Spencer Quinn’s Chet and Bernie mysteries — Private eye stories told from the viewpoint of the PI’s dog Chet. Charming and funny, with great narration.

Larry Bond’s Cold Choices — A submarine thriller, told with realism and tension, as the crew of a U.S. nuclear sub risks everything to save the lives of the crew of a crippled Russian sub. This may be for submarine fans only, because of the amount of detail about life on a sub, but I enjoyed it.

A word about the Jack Reacher novels, by Lee Child, which I’ve been enjoying for a few years now in audio. The last few have been disappointing, including this year’s entry, Personal. If you’re thinking of trying a Reacher novel for the first time, I strongly recommend earlier novels, such as Die Trying, Without Fail, or Bad Luck and Trouble. And I can only recommend the audiobooks versions, because that’s the only way I’ve ever read them. 

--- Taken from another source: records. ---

Lemma picard_cauchy (f0 : R -> R) (D0 : R) : 0 <= D0 -> within lo hi (T f0) f0 D0 ->
  forall k m, (k <= m)%nat ->
    within lo hi (picard f0 m) (picard f0 k) (D0 / (1 - q) * q ^ k).
Proof.
  intros HD0pos HD0. set (fs := picard f0). set (C := D0 / (1 - q)).
  assert (HC : 0 <= C) by (unfold C; apply Rmult_le_pos; [lra | left; apply Rinv_0_lt_compat; lra]).
  assert (Hstep : forall k, within lo hi (fs (S k)) (fs k) (D0 * q ^ k)).
  { induction k as [|k IH]; [simpl; rewrite Rmult_1_r; exact HD0|].
    intros t Ht. eapply Rle_trans; [apply (T_contraction _ _ _ IH t Ht)|]. simpl; lra. }
  (* the sharper telescoped bound C q^k (1 - q^(m-k)) *)
  assert (Hgap : forall k m, (k <= m)%nat ->
    within lo hi (fs m) (fs k) (C * q ^ k * (1 - q ^ (m - k)))).
  { intros k m Hkm. induction Hkm as [|m Hkm IH]; intros t Ht.
    - rewrite Nat.sub_diag, Rminus_diag_eq by reflexivity. simpl. rewrite Rabs_R0. lra.
    - pose proof (Rabs_sub_triang (fs (S m) t) (fs m t) (fs k t)) as Htri.
      pose proof (Hstep m t Ht) as Hs. pose proof (IH t Ht) as Hm.
      replace (S m - k)%nat with (S (m - k)) by lia.
      replace (q ^ m) with (q ^ k * q ^ (m - k)) in Hs by (rewrite <- pow_add; f_equal; lia).
      replace D0 with (C * (1 - q)) in Hs by (unfold C; field; lra).
      change (q ^ S (m - k)) with (q * q ^ (m - k)).
      assert (C * (1 - q) * (q ^ k * q ^ (m - k)) + C * q ^ k * (1 - q ^ (m - k))
              = C * q ^ k * (1 - q * q ^ (m - k))) by ring.
      lra. }
  intros k m Hkm t Ht. eapply Rle_trans; [apply (Hgap k m Hkm t Ht)|].
  pose proof (pow_le q (m - k) (proj1 q_range)). pose proof (pow_le q k (proj1 q_range)).
  assert (0 <= C * q ^ k) by (apply Rmult_le_pos; assumption). nra.
Qed.

Lemma picard_fixed_point (f0 : R -> R) (D0 : R) : 0 <= D0 -> within lo hi (T f0) f0 D0 ->
  exists f C, 0 <= C /\ (forall t, inI lo hi t -> T f t = f t) /\
    forall k, within lo hi f (picard f0 k) (C * q ^ k).
Proof.
  intros HD0pos HD0. pose proof (picard_cauchy f0 D0 HD0pos HD0) as Hcauchy.
  set (fs := picard f0) in *. set (C := D0 / (1 - q)) in *.
  assert (HC : 0 <= C) by (unfold C; apply Rmult_le_pos; [lra | left; apply Rinv_0_lt_compat; lra]).
  destruct (guarded_choice R R 0 (inI lo hi) (fun t v => Un_cv (fun k => fs k t) v)) as [f Hf].
  { intros t Ht. destruct (R_complete (fun k => fs k t)) as [v Hv]; [|now exists v].
    intros eps Heps.
    destruct (geometric_eventually_small q C (eps / 2) q_range HC ltac:(lra)) as [N HN].
    exists N. intros p m Hp Hm. unfold R_dist.
    pose proof (Hcauchy N p Hp t Ht) as Hp'. pose proof (Hcauchy N m Hm t Ht) as Hm'.
    pose proof (HN N (le_n N)). pose proof (Rabs_sub_triang (fs p t) (fs N t) (fs m t)) as Htri.
    rewrite (Rabs_minus_sym (fs N t)) in Htri. lra. }
  assert (Hrate : forall k, within lo hi f (fs k) (C * q ^ k)).
  { intros k t Ht. apply (limit_dist_le _ _ _ _ k (Hf t Ht)). intros m Hm. exact (Hcauchy k m Hm t Ht). }
  exists f, C. split; [exact HC|]. split; [|exact Hrate].
  (* |T f - f| <= |T f - T fs_k| + |fs_(k+1) - f| <= 2 C q^k *)
  intros t Ht. apply Rminus_diag_uniq. apply (geometric_bound_zero _ (2 * C) q q_range). intros k.
  pose proof (T_contraction _ _ _ (Hrate k) t Ht) as Hl. pose proof (Hrate (S k) t Ht) as Hr.
  pose proof (Rabs_sub_triang (T f t) (fs (S k) t) (f t)) as Htri.
  rewrite (Rabs_minus_sym (fs (S k) t)) in Htri.
  pose proof (pow_le q k (proj1 q_range)). assert (0 <= C * q ^ k) by (apply Rmult_le_pos; assumption).
  change (fs (S k)) with (T (fs k)) in *. simpl pow in *. nra.
Qed.
End UniformContraction.
Lemma nodesum_ge0 g t : (forall l r, 0 <= g l r) -> 0 <= nodesum g t.
Proof. by move=> g_ge0; elim: t => [//|l IHl r IHr] /=; rewrite !addr_ge0. Qed.

Lemma nodesum_ge_subtree g l r t : (forall l r, 0 <= g l r) ->
  subtree (ANode l r) t -> g l r <= nodesum g t.
Proof.
move=> g_ge0; elim: t => [x [//|//]|l' IHl r' IHr] [[-> ->]|[/IHl|/IHr]] /=.
- by rewrite -addrA lerDl addr_ge0 ?nodesum_ge0.
- by have := g_ge0 l' r'; have := nodesum_ge0 r' g_ge0; lia.
- by have := g_ge0 l' r'; have := nodesum_ge0 l' g_ge0; lia.
Qed.

(* [pot] is chosen so that [gap u v >= 0] for all u, v and [pot] of a leaf class is
   1, 0, 0 for the classes 1, -3, 0; summed over a tree, [|N v|] telescopes (NcostE). *)
Definition pot (n : int) : int :=
  if 0 < n then (if (n %% 3)%Z == 1 then 1 else 0)
  else if n < 0 then (if (n %% 3)%Z == 0 then 0 else -1) else 0.

Definition gap (u v : int) : int := `|u + v| + pot (u + v) - pot u - pot v.

Ltac pot_lia := rewrite /gap /pot /=; repeat (case: ifP => ?); lia.

Lemma gap_ge0 (u v : int) : 0 <= gap u v.
Proof. pot_lia. Qed.

Lemma gapC (u v : int) : gap u v = gap v u.
Proof. by rewrite /gap [v + u]addrC addrAC. Qed.

Lemma gap_eq0_sum (u v : int) : gap u v = 0 ->
  u + v = -2 \/ u + v = -1 \/ u + v = 0 \/ u + v = 2.
Proof. pot_lia. Qed.

Lemma gap_eq0_le_m2 (u v : int) : -3 <= u <= 2 -> -3 <= v <= 2 ->
  gap u v = 0 -> u + v <= -2 -> (u = 1 /\ v = -3) \/ (u = -3 /\ v = 1).
Proof. pot_lia. Qed.

Lemma gap_eq0_m2 (u : int) : -3 <= u <= 2 -> gap u (-2) = 0 -> u = 1.
Proof. pot_lia. Qed.

Section LeafClasses.
Variable N : int -> int.

Definition Ntree t := \sum_(x <- aleaves t) N x.

Lemma Ntree_node l r : Ntree (ANode l r) = Ntree l + Ntree r.
Proof. exact: big_cat. Qed.

Lemma Ntree_leaf x : Ntree (ALeaf x) = N x.
Proof. exact: big_seq1. Qed.

Definition Ncost := nodesum (fun l r => `|Ntree l + Ntree r|).

Lemma Ncost_node l r : Ncost (ANode l r) = `|Ntree l + Ntree r| + Ncost l + Ncost r.
Proof. by []. Qed.

Lemma Ncost_leaf x : Ncost (ALeaf x) = 0.
Proof. by []. Qed.

Definition slack := nodesum (fun l r => gap (Ntree l) (Ntree r)).

Lemma slack_ge0 t : 0 <= slack t.
Proof. by apply: nodesum_ge0 => l r; apply: gap_ge0. Qed.

Lemma NcostE t : Ncost t = \sum_(x <- aleaves t) pot (N x) - pot (Ntree t) + slack t.
Proof.
rewrite /Ncost /slack; elim: t => [x|l IHl r IHr] /=.
  by rewrite big_seq1 Ntree_leaf; lia.
by rewrite IHl IHr big_cat Ntree_node [gap _ _]/gap /=; ring.
Qed.

Definition tight t := forall l r, subtree (ANode l r) t -> gap (Ntree l) (Ntree r) = 0.

Lemma slack_eq0_tight t : slack t = 0 -> tight t.
Proof.
move=> slack0 l r sub; apply/eqP; rewrite eq_le gap_ge0 andbT -slack0.
by apply: nodesum_ge_subtree sub => ??; apply: gap_ge0.
Qed.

Doh! How could I forget? (Sometimes when you read friends’ books in draft form, you forget to note when they’re out in the wild.) I don’t actually remember when these hit pixels, but I think of them as having arrived in the last year or so. Writer/artist Chris Howard issued a graphic novel version of his SF novel Salvage. Former Ultimate SF workshopper Lisa Cohen published a YA novel, Derelict. And for some completely silly, completely fun fantasy, it's hard to beat Craig Shaw Gardner’s Temporary Magic novels, complete with Bob the horse!

And in case you didn't catch it from my last post, yes, I'm still working on The Reefs of Time, and making progress!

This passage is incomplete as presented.